HydraulicsTypeopen centerPressure2250 psi
155.1 barPump flow12 gpm (main)
45.4 lpm4 gpm (transmission pump)
15.1 lpm18 gpm (loader pump)
68.1 lpm

Surely you have a front engine driven pump for the loader?

Your tractor should have an MCV valve, priority is given to the power steering. A constant flow of about 3 gpm goes to the power steering. Either your MCV valve is screwed up or you MCV pump is down.


----------



## Jlknorth (Aug 15, 2021)

I have found the MVC valve and I have read that there is a flow diverter that seems to screw into the bottom, but I have no idea how to tell if anything is wrong with it or if it is working right. I believe there is also a pilot relief valve in the same area? Could that have anything to do with it? Again, same problem, nothing I have read tells me how to tell if there is a problem with any of these things.


----------



## sixbales (May 18, 2011)

Ebay has a used service manual for your tractor. I realize that it's a lot of money, but it will probably payout with your first repair. There are very few options available. Your next challenge will be finding parts.

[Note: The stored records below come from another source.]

(* Let $\mathcal{H}$ be a complex separable Hilbert space and let $T = MN - NM$ where $M, N \in \mathcal{B}(\mathcal{H})$ satisfy $M^2 = 0 = N^2$. Then (a) every connected component of $\sigma(T)$ intersects $\sigma(-T)$; (b) every connected component of $\sigma_e(T)$ intersects $\sigma_e(-T)$.
   Context: $\sigma_e(T)$ denotes the essential spectrum of $T$, i.e. the spectrum of the image of $T$ in the Calkin algebra $\mathcal{B}(\mathcal{H})/\mathcal{K}(\mathcal{H})$. *)

(* Complex numbers are R[i] (real_closed
   complex) for an abstract R : realType; a complex Hilbert space is a
   R[i]-left-module equipped with an inner product that is complete for the
   induced norm. *)
From HB Require Import structures.
From mathcomp Require Import all_boot all_algebra.
From mathcomp Require Import all_classical all_reals all_analysis.
From mathcomp Require Export complex.
Import numFieldNormedType.Exports.
Import GRing.Theory Num.Theory.

Set Implicit Arguments.
Unset Strict Implicit.
Unset Printing Implicit Defensive.

Local Open Scope classical_set_scope.
Local Open Scope ring_scope.

Section Hilbert.
Variable R : realType.
Local Notation C := R[i].
Variable V : lmodType C.
Variable ip : V -> V -> C.

Definition inner_product : Prop :=
  [/\ (forall x y z, ip (x + y) z = ip x z + ip y z),
      (forall (a : C) x y, ip (a *: x) y = a * ip x y),
      (forall x y, ip y x = Num.conj (ip x y)),
      (forall x, 0 <= ip x x)
    & (forall x, ip x x = 0 -> x = 0)].

Definition ipnorm (x : V) : R := Num.sqrt (complex.Re (ip x x)).

Definition ip_cauchy (u : nat -> V) : Prop :=
  forall e : R, 0 < e -> exists N : nat, forall m n : nat,
    (N <= m)%N -> (N <= n)%N -> ipnorm (u m - u n) < e.

Definition ip_converges (u : nat -> V) (l : V) : Prop :=
  forall e : R, 0 < e -> exists N : nat, forall n : nat,
    (N <= n)%N -> ipnorm (u n - l) < e.

Definition ip_complete : Prop :=
  forall u : nat -> V, ip_cauchy u -> exists l : V, ip_converges u l.

Definition is_hilbert : Prop := inner_product /\ ip_complete.

Definition ip_separable : Prop :=
  exists d : nat -> V, forall (x : V) (e : R), 0 < e ->
    exists n : nat, ipnorm (x - d n) < e.

Definition bounded_op (T : V -> V) : Prop :=
  (forall (a : C) x y, T (a *: x + y) = a *: T x + T y) /\
  exists K : R, forall x, ipnorm (T x) <= K * ipnorm x.

Definition compact_op (T : V -> V) : Prop :=
  bounded_op T /\
  forall u : nat -> V, (exists K : R, forall n, ipnorm (u n) <= K) ->
    exists phi : nat -> nat, (forall n, (phi n < phi n.+1)%N) /\
      exists l : V, ip_converges (fun n => T (u (phi n))) l.

Definition op_shift (T : V -> V) (z : C) : V -> V := fun x => T x - z *: x.

Definition spectrum (T : V -> V) : set C :=
  [set z | ~ exists S : V -> V, bounded_op S /\
      (forall x, S (op_shift T z x) = x) /\
      (forall x, op_shift T z (S x) = x)].

(* essential spectrum: z such that the image of T - z I in the Calkin
   algebra B(H)/K(H) is not invertible, i.e. there is no S in B(H) with
   S(T - zI) - I and (T - zI)S - I both compact *)
Definition ess_spectrum (T : V -> V) : set C :=
  [set z | ~ exists S : V -> V, bounded_op S /\
      compact_op (fun x => S (op_shift T z x) - x) /\
      compact_op (fun x => op_shift T z (S x) - x)].

End Hilbert.

Definition components_meet (R : realType) (A B : set R[i]) : Prop :=
  forall z : R[i], A z ->
    (connected_component (A : set R[i]^o) z `&` B) !=set0.

(* With X := M - N and Y := M + N, the relations M^2 = N^2 = 0 give XY = T and
   YX = -T.  By Jacobson's lemma, XY - z and YX - z are simultaneously
   invertible for z <> 0, and this holds modulo any two-sided ideal of B(H), in
   particular modulo K(H); for z = 0, T is invertible iff -T is.  Hence
   sigma(T) is contained in sigma(-T) and sigma_e(T) in sigma_e(-T), so every
   point of a component of sigma(T) already lies in sigma(-T), and likewise for
   sigma_e. *)

From HB Require Import structures.
From mathcomp Require Import all_boot all_algebra.
From mathcomp Require Import all_classical all_reals all_analysis.
From mathcomp Require Import complex.
From mathcomp Require Import ring lra.
Import order.Order.TTheory GRing.Theory Num.Theory.
Local Open Scope classical_set_scope.
Local Open Scope ring_scope.
Local Open Scope complex_scope.

Set Implicit Arguments.
Unset Strict Implicit.
Unset Printing Implicit Defensive.

Section LinearFunctions.
Variables (K : pzRingType) (U W : lmodType K) (f : U -> W).
Hypothesis f_lin : linear f.

Lemma linD x y : f (x + y) = f x + f y.
Proof. by rewrite -[x]scale1r f_lin !scale1r. Qed.

Lemma lin0 : f 0 = 0.
Proof. by apply: (@addrI _ (f 0)); rewrite -linD !addr0. Qed.

Lemma linZ a x : f (a *: x) = a *: f x.
Proof. by rewrite -[a *: x]addr0 f_lin lin0 addr0. Qed.

Lemma linN x : f (- x) = - f x.
Proof. by rewrite -scaleN1r linZ scaleN1r. Qed.

Lemma linB x y : f (x - y) = f x - f y.
Proof. by rewrite linD linN. Qed.

End LinearFunctions.

Section InnerProduct.
Variables (R : realType) (V : lmodType R[i]) (ip : V -> V -> R[i]).
Hypothesis ipP : inner_product ip.

Lemma ip_selfE x : ip x x = (complex.Re (ip x x))%:C.
Proof.
case: ipP => _ _ _ ip_ge0 _; move: (ip_ge0 x).
by case: (ip x x) => a b; rewrite lecE /= => /andP[/eqP ->].
Qed.

Lemma ipnorm_sqr x : ipnorm ip x ^+ 2 = complex.Re (ip x x).
Proof.
apply: sqr_sqrtr; case: ipP => _ _ _ ip_ge0 _; move: (ip_ge0 x).
by case: (ip x x) => a b; rewrite lecE /= => /andP[].
Qed.

Lemma ipnorm_eq0 x : ipnorm ip x = 0 -> x = 0.
Proof.
move=> x0; case: ipP => _ _ _ _ ip_eq0; apply: ip_eq0.
by rewrite ip_selfE -ipnorm_sqr x0 expr0n.
Qed.

Lemma ipDr x y z : ip x (y + z) = ip x y + ip x z.
Proof. by case: ipP => ipDl _ ipC _ _; rewrite ipC ipDl rmorphD [ip x y]ipC [ip x z]ipC. Qed.

Lemma ipZr (c : R[i]) x y : ip x (c *: y) = Num.conj c * ip x y.
Proof. by case: ipP => _ ipZl ipC _ _; rewrite ipC ipZl rmorphM [ip x y]ipC. Qed.

Lemma ip0l y : ip 0 y = 0.
Proof. by case: ipP => _ ipZl _ _ _; rewrite -(scale0r 0) ipZl mul0r. Qed.

Lemma ip0r x : ip x 0 = 0.
Proof. by rewrite -(scale0r (0 : V)) ipZr rmorph0 mul0r. Qed.

Lemma Re_ip_selfD x y : complex.Re (ip (x + y) (x + y)) =
  complex.Re (ip x x) + complex.Re (ip y y) + 2 * complex.Re (ip x y).
Proof.
case: ipP => ipDl _ ipC _ _; rewrite ipDl !ipDr [ip y x]ipC.
by case: (ip x x) (ip x y) (ip y y) => [? ?] [? ?] [? ?] /=; lra.
Qed.

Lemma Re_ip_realZ (a b : R) x y :
  complex.Re (ip (a%:C *: x) (b%:C *: y)) = a * b * complex.Re (ip x y).
Proof.
case: ipP => _ ipZl _ _ _; rewrite ipZl ipZr.
by case: (ip x y) => ? ? /=; lra.
Qed.

Lemma Re_ip_le x y : complex.Re (ip x y) <= ipnorm ip x * ipnorm ip y.
Proof.
have [x0|nx0] := eqVneq (ipnorm ip x) 0.
  by rewrite x0 mul0r (ipnorm_eq0 x0) ip0l.
have [y0|ny0] := eqVneq (ipnorm ip y) 0.
  by rewrite y0 mulr0 (ipnorm_eq0 y0) ip0r.
set a := ipnorm ip x; set b := ipnorm ip y.
have ab_gt0 : 0 < a * b by rewrite mulr_gt0 // lt0r ?nx0 ?ny0 sqrtr_ge0.
have := sqr_ge0 (ipnorm ip (b%:C *: x + (- a)%:C *: y)).
rewrite ipnorm_sqr Re_ip_selfD !Re_ip_realZ -!ipnorm_sqr -/a -/b.
nra.
Qed.

Lemma ipnormD x y : ipnorm ip (x + y) <= ipnorm ip x + ipnorm ip y.
Proof.
rewrite -(@ler_pXn2r _ 2) ?nnegrE ?addr_ge0 ?sqrtr_ge0 //.
rewrite sqrrD !ipnorm_sqr Re_ip_selfD.
by have := Re_ip_le x y; lra.
Qed.

Lemma ipnormZ (c : R[i]) x :
  ipnorm ip (c *: x) = Num.sqrt (complex.Re c ^+ 2 + complex.Im c ^+ 2) * ipnorm ip x.
Proof.
rewrite -sqrtrM ?addr_ge0 ?sqr_ge0 //; congr Num.sqrt.
case: ipP => _ ipZl _ _ _; rewrite ipZl ipZr mulrA ip_selfE.
by case: c => a b /=; ring.
Qed.

End InnerProduct.

Section BoundedOperators.
Variables (R : realType) (V : lmodType R[i]) (ip : V -> V -> R[i]).
Hypothesis ipP : inner_product ip.
Implicit Types A B K : V -> V.

Lemma bounded_linear A : bounded_op ip A -> linear A.
Proof. by case. Qed.

Lemma bounded_bound A : bounded_op ip A ->
  exists2 k, 0 <= k & forall x, ipnorm ip (A x) <= k * ipnorm ip x.
Proof.
case=> _ [k Ak]; exists `|k| => // x.
by apply: le_trans (Ak x) _; rewrite ler_wpM2r ?sqrtr_ge0 ?ler_norm.
Qed.

Lemma bounded_id : bounded_op ip (fun x => x).
Proof. by split=> //; exists 1 => x; rewrite mul1r. Qed.

Lemma bounded_comp A B : bounded_op ip A -> bounded_op ip B ->
  bounded_op ip (fun x => A (B x)).
Proof.
move=> bA bB; have [kA kA0 Ak] := bounded_bound bA; have [kB _ Bk] := bounded_bound bB.
split; first by move=> a x y; rewrite (bounded_linear bB) (bounded_linear bA).
exists (kA * kB) => x; apply: le_trans (Ak _) _.
by rewrite -mulrA ler_wpM2l.
Qed.

Lemma bounded_add A B : bounded_op ip A -> bounded_op ip B ->
  bounded_op ip (fun x => A x + B x).
Proof.
move=> bA bB; have [kA _ Ak] := bounded_bound bA; have [kB _ Bk] := bounded_bound bB.
split.
  by move=> a x y; rewrite (bounded_linear bA) (bounded_linear bB) scalerDr addrACA.
exists (kA + kB) => x; apply: le_trans (ipnormD ipP _ _) _.
by rewrite mulrDl lerD.
Qed.

Lemma bounded_scale (c : R[i]) A : bounded_op ip A -> bounded_op ip (fun x => c *: A x).
Proof.
move=> bA; have [kA _ Ak] := bounded_bound bA.
split; first by move=> a x y; rewrite (bounded_linear bA) scalerDr !scalerA mulrC.
exists (Num.sqrt (complex.Re c ^+ 2 + complex.Im c ^+ 2) * kA) => x.
by rewrite (ipnormZ ipP) -mulrA ler_wpM2l ?sqrtr_ge0.
Qed.

Lemma bounded_opp A : bounded_op ip A -> bounded_op ip (fun x => - A x).
Proof.
move=> /(bounded_scale (-1)).
by congr bounded_op; apply: funext => x; rewrite scaleN1r.
Qed.

Lemma bounded_sub A B : bounded_op ip A -> bounded_op ip B ->
  bounded_op ip (fun x => A x - B x).
Proof. by move=> bA /bounded_opp; apply: bounded_add. Qed.

Lemma bounded_comp_compact A K : bounded_op ip A -> compact_op ip K ->
  compact_op ip (fun x => A (K x)).
Proof.
move=> bA [bK cK]; split; first exact: bounded_comp.
have [kA kA0 Ak] := bounded_bound bA.
move=> u /cK[phi [phi_incr [l Kl]]]; exists phi; split => //; exists (A l) => e e0.
have [n0 Kn0] := Kl (e / (kA + 1)) (divr_gt0 e0 (ltr_wpDl kA0 ltr01)).
exists n0 => n /Kn0; rewrite ltr_pdivlMr ?ltr_wpDl // => Kn.
rewrite -(linB (bounded_linear bA)); apply: le_lt_trans (Ak _) (le_lt_trans _ Kn).
by rewrite mulrC mulrDr mulr1 lerDl sqrtr_ge0.
Qed.

Lemma compact_comp_bounded K B : compact_op ip K -> bounded_op ip B ->
  compact_op ip (fun x => K (B x)).
Proof.
move=> [bK cK] bB; split; first exact: bounded_comp.
have [kB kB0 Bk] := bounded_bound bB.
move=> u [ku uk]; apply: (cK (fun n => B (u n))).
by exists (kB * ku) => n; apply: le_trans (Bk _) _; rewrite ler_wpM2l.
Qed.

End BoundedOperators.

Arguments bounded_id {R V} ip.

Section InvertibleModulo.
Variables (R : realType) (V : lmodType R[i]) (ip : V -> V -> R[i]).
Implicit Types (A X Y : V -> V) (z : R[i]).

Definition inv_modulo (ideal : (V -> V) -> Prop) A : Prop :=
  exists S, bounded_op ip S /\
    ideal (fun x => S (A x) - x) /\ ideal (fun x => A (S x) - x).

Definition spectrum_modulo ideal A : set R[i] :=
  [set z | ~ inv_modulo ideal (op_shift A z)].

Definition zero_op A : Prop := forall x, A x = 0.

Lemma zero_op_compl A K : bounded_op ip A -> zero_op K -> zero_op (fun x => A (K x)).
Proof. by move=> bA K0 x; rewrite K0 (lin0 (bounded_linear bA)). Qed.

Lemma zero_op_compr K B : zero_op K -> zero_op (fun x => K (B x)).
Proof. by move=> K0 x; apply: K0. Qed.

Lemma spectrumE A : spectrum ip A = spectrum_modulo zero_op A.
Proof.
apply: funext => z; apply: propext.
split=> nS [S [bS [SA AS]]]; apply: nS; exists S; split=> //; split=> x.
- by apply/eqP; rewrite -subr_eq0 SA.
- by apply/eqP; rewrite -subr_eq0 AS.
- by rewrite SA subrr.
- by rewrite AS subrr.
Qed.

Lemma ess_spectrumE A : ess_spectrum ip A = spectrum_modulo (compact_op ip) A.
Proof. by []. Qed.

Lemma op_shift0 A : op_shift A 0 = A.
Proof. by apply: funext => x; rewrite /op_shift scale0r subr0. Qed.

Hypothesis ipP : inner_product ip.
Variable ideal : (V -> V) -> Prop.
Hypothesis ideal_compl :
  forall A K, bounded_op ip A -> ideal K -> ideal (fun x => A (K x)).
Hypothesis ideal_compr :
  forall K B, ideal K -> bounded_op ip B -> ideal (fun x => K (B x)).

Lemma inv_moduloN A : linear A -> inv_modulo ideal (fun x => - A x) ->
  inv_modulo ideal A.
Proof.
move=> linA [S [bS [SA AS]]]; exists (fun x => - S x).
split; first exact: (bounded_opp ipP bS).
split.
- by congr ideal: SA; apply: funext => x; rewrite (linN (bounded_linear bS)).
- by congr ideal: AS; apply: funext => x; rewrite (linN linA).
Qed.

(* Jacobson's lemma: if [S] inverts [YX - z], then [z^-1 (X S Y - 1)]
   inverts [XY - z]. *)
Lemma inv_modulo_shift_comm X Y z : bounded_op ip X -> bounded_op ip Y -> z != 0 ->
  inv_modulo ideal (op_shift (fun x => Y (X x)) z) ->
  inv_modulo ideal (op_shift (fun x => X (Y x)) z).
Proof.
move=> bX bY z0 [S [bS [SA AS]]].
have linX := bounded_linear bX; have linY := bounded_linear bY.
have bzX : bounded_op ip (fun x => z^-1 *: X x) by exact: (bounded_scale ipP _ bX).
exists (fun x => z^-1 *: (X (S (Y x)) - x)); split; last split.
- apply: (bounded_scale ipP z^-1 (A := fun x => X (S (Y x)) - x)).
  apply: (bounded_sub ipP (A := fun x => X (S (Y x)))) (bounded_id ip).
  exact: bounded_comp bX (bounded_comp bS bY).
- congr ideal: (ideal_compl bzX (ideal_compr SA bY)); apply: funext => x.
  rewrite /op_shift (linB linY) (linZ linY) (linB linX) !scalerBr scalerA mulVf //.
  by rewrite scale1r opprB addrA addrAC addrK.
- congr ideal: (ideal_compl bzX (ideal_compr AS bY)); apply: funext => x.
  rewrite /op_shift !(linB linX, linB linY, linZ linX, linZ linY).
  rewrite !scalerBr !scalerA mulfV // mulVf // !scale1r.
  by symmetry; rewrite opprB addrA addrAC addrK addrAC.
Qed.

Lemma spectrum_modulo_anticomm T X Y : bounded_op ip X -> bounded_op ip Y ->
  (forall x, X (Y x) = T x) -> (forall x, Y (X x) = - T x) ->
  spectrum_modulo ideal T `<=` spectrum_modulo ideal (fun x => - T x).
Proof.
move=> bX bY /funext XY /funext YX z; apply: contra_not.
have [->|z0] := eqVneq z 0.
  rewrite !op_shift0; apply: inv_moduloN.
  by rewrite -XY; exact: bounded_linear (bounded_comp bX bY).
by rewrite -YX -XY; exact: inv_modulo_shift_comm.
Qed.

End InvertibleModulo.

Lemma components_meet_sub (R : realType) (A B : set R[i]) :
  A `<=` B -> components_meet A B.
Proof.
by move=> AB z Az; exists z; split; [exact: connected_component_refl | exact: AB].
Qed.

Theorem proposition2p12 (R : realType) (V : lmodType R[i]) (ip : V -> V -> R[i])
  (Hhil : is_hilbert ip) (Hsep : ip_separable ip)
  (M N : V -> V) (HM : bounded_op ip M) (HN : bounded_op ip N)
  (HM2 : forall x, M (M x) = 0) (HN2 : forall x, N (N x) = 0) :
  let T := fun x => M (N x) - N (M x) in
  components_meet (spectrum ip T) (spectrum ip (fun x => - T x)) /\
  components_meet (ess_spectrum ip T) (ess_spectrum ip (fun x => - T x)).
Proof.
move=> T; have ipP := Hhil.1.
have linM := bounded_linear HM; have linN := bounded_linear HN.
pose X x := M x - N x; pose Y x := M x + N x.
have XY x : X (Y x) = T x.
  by rewrite /X /Y (linD linM) (linD linN) HM2 HN2 add0r addr0.
have YX x : Y (X x) = - T x.
  by rewrite /X /Y (linB linM) (linB linN) HM2 HN2 sub0r subr0 opprB addrC.
have bX : bounded_op ip X := bounded_sub ipP HM HN.
have bY : bounded_op ip Y := bounded_add ipP HM HN.
split; apply: components_meet_sub.
  rewrite !spectrumE; apply: (spectrum_modulo_anticomm ipP _ _ bX bY XY YX).
    exact: zero_op_compl.
  by move=> K B K0 _; apply: zero_op_compr.
rewrite !ess_spectrumE; apply: (spectrum_modulo_anticomm ipP _ _ bX bY XY YX).
  exact: bounded_comp_compact.
exact: compact_comp_bounded.
Qed.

IH International Harvester 2410B 2514B Wheel Tractors Shop Service Repair Manual | eBay


Find many great new & used options and get the best deals for IH International Harvester 2410B 2514B Wheel Tractors Shop Service Repair Manual at the best online prices at eBay! Free shipping for many products!



www.ebay.com


----------



## Jlknorth (Aug 15, 2021)

sixbales said:


> Ebay has a used service manual for your tractor. I realize that it's a lot of money, but it will probably payout with your first repair. There are very few options available. Your next challenge will be finding parts.
> 
> 
> 
> ...


Actually we have an operator manual that includes parts diagrams and I downloaded service manuals from links someone had on some forum awhile back when we ask a different question. Both have been very confusing for this, because they both claim there is a relief valve that we can not find. We have now taken the MCV completely off and inspected every valve (that actually is in it) although since nothing tells you how to tell if the valves are good or bad, that was mainly just removing them, cleaning them, and putting them back in (no broken springs that we found). We took off the pump and that seemed fine as well… it turned freely without any noise and would pump out fluid when turning it by hand. Now I guess we will fill it back up and see if anything we did somehow made a difference.


----------



## Garyc2ri (Oct 20, 2014)

Jlknorth said:


> IH 2514B (FEL + backhoe version)
> Everything was working fine just a couple of days before. I went out to move it to a different spot and as I was turning a corner I felt like something was wrong. Within another 50 feet or so I had no steering. The FEL works. The backhoe works except for the swing. Everything I have been reading seems to say the swing and the steering are together but I can not seem to pin down what I actually need to fix. I already changed both filters, added more hydraulic fluid, and neither of those things helped.


I have the same issue was told to look at the two pumps there is a oring between main and aux pump that can go bad


----------